Elles y pensent mais….
« Faites vites avec les commandes. C’est presque la fin de l’année. On n’a pas le temps », lance Mariam Soré à ses couturiers. Le ton monte. Téléphone à l’oreille et habillée dans une tenue de sa marque – MamySor-, à la question de savoir si toute la boutique est assurée, encore plus le matériel ou les marchandises (tissues, accessoires,), Mariam sourit d’un coin. « Quelle question ? », dit-elle d’un ton étonné. La réponse est toutefois rassurante. « L’assurance, j’avoue que c’est une préoccupation quotidienne. J’y pense tous les jours. Mais je n’ai pas encore pris une décision pour le faire. Sinon je sais qu’elle est très importante, tant pour sa vie que pour la vie de l’entreprise. D’ailleurs on le prend pour la voiture, pourquoi pas pour nos vies et nos biens. Et puis, il faut reconnaitre qu’on n’a pas assez d’informations sur les types d’assurances qui nous soient utiles », dit-elle. Si Mariam mesure la nécessité de souscrire à l’assurance, Edith entrepreneure dans le domaine de production de beurre de karité ignore la possibilité de souscrire à une assurance, qu’elle soit de Vie ou d’IARD.

« A la télévision, je vois parfois la publicité mais je ne me suis jamais informée sur le fond », dit-elle. Binta Barry, membre d’un groupement de femmes qui produisent des savons et du beurre voit également passé la publicité à la télévision.

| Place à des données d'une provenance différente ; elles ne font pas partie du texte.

(* Topological transitivity of the restriction T|_C : C -> C, with C carrying
   the subspace topology (relatively open sets are C `&` U with U open in X):
   for all nonempty relatively open C`&`U, C`&`V there is n > 0 with
   (C`&`U) `&` (T|_C)^{-n}(C`&`V) nonempty. *)
Definition transitive_on (R : realType) (X : pseudoPMetricType R)
  (C : set X) (T : X -> X) : Prop :=
  forall U V : set X, open U -> open V ->
    (C `&` U) !=set0 -> (C `&` V) !=set0 ->
    exists n : nat, (0 < n)%N /\
      exists x, (C `&` U) x /\ (C `&` V) (iter n T x).

Definition separable_space (R : realType) (X : pseudoPMetricType R) : Prop :=
  exists D : set X, countable D /\ dense D.

From HB Require Import structures.
From mathcomp Require Import all_boot all_order all_algebra.
From mathcomp Require Import all_classical all_reals all_analysis.
From mathcomp Require Import measurable_realfun.
Import Order.TTheory GRing.Theory Num.Theory.
Local Open Scope classical_set_scope.
Local Open Scope ring_scope.
Set Implicit Arguments. Unset Strict Implicit. Unset Printing Implicit Defensive.
Import numFieldNormedType.Exports.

Au sein du groupement, le débat est parfois effleuré quand elles pensent à des éventuels incidents qui peuvent subvenir. « Plusieurs fois, la présidente du groupement a évoqué l’importance de souscrire à une assurance au regard de l’important matériel que nous avons et les commandes qu’on envoi parfois à l’extérieur du pays. Mais la question d’assurance ne semble pas emballée beaucoup de nos membres. A vrai dire, on n’y comprend pas grand-chose », affirme la jeune dame.
D’individuel à SARL, le défi s’impose
De petit commerce de bouche à oreille ou encore en ligne, Odette Korsaga, promotrice de Odis cosmétique ne voyait pas trop l’importance de prendre une assurance. Des arguments ne manquent pas pour se justifier : « Par exemple, si je dois souscrire à une assurance qui me coute 100 000F ou 150 000F alors que mon fond de roulement annuel tourne autour de 50 000F, qui perd et qui gagne ? Aussi, on peut souscrire durant l’année et rien de grave ne va se passer. C’est l’assurance donc qui gagne puisque ce n’est pas remboursable », argue-t-elle. Oumou Ouédraogo, vendeuse de volaille fumé tient également cet argumentaire. « Avec le marché qui n’est pas fructueux, il est difficile de souscrire à une assurance sans grand Fonds », dit-elle la mine serrée. La donne a toutefois changé chez ces deux entrepreneures depuis mars 2023. D’entreprise individuel, le régime est passé à la société à responsabilité limité (SARL). Et Odette a changé de ‘’discours’’.
Dans le quartier Pissy, nous la rencontrons dans son unité de fabrication des produits cosmétique. Tout y est : savon de beurre de karité, huile de tomate, d’avocat, de citron, de gingembre, de carotte, de persil, etc. Un tas de carton emballé attend d’être livré hors du pays. Devant l’unité de production d’huile des sacs remplis de matières premières sont déposés. « Aujourd’hui là, ça va être compliqué de vous accorder un petit moment. C’es la fin de l’année et les commandes sont assez. Les gens font des cadeaux et bien d’autres surprises », lance-t-elle en se dirigeant vers l’unité de production d’huile. Odette Korsaga a maintenant une autre vision sur l’assurance qu’elle soit Vie ou IARD. Le temps d’un soupire, elle replonge dans le passé. 2020 : cette année Covid-19 mais surtout de l’inondation. La mine grise et les yeux presque remplis de larme, Odette témoigne avoir perdu des millions de FCFA. « Je n’ose pas dire le montant », dit-elle la voix cassée. « Mon usine a été inondé et tous les produits ont été détruits. Alors que j’en avais produit assez pour des commandes à l’extérieur et la covid-19 s’était aussi imposé », se rappelle-t-elle.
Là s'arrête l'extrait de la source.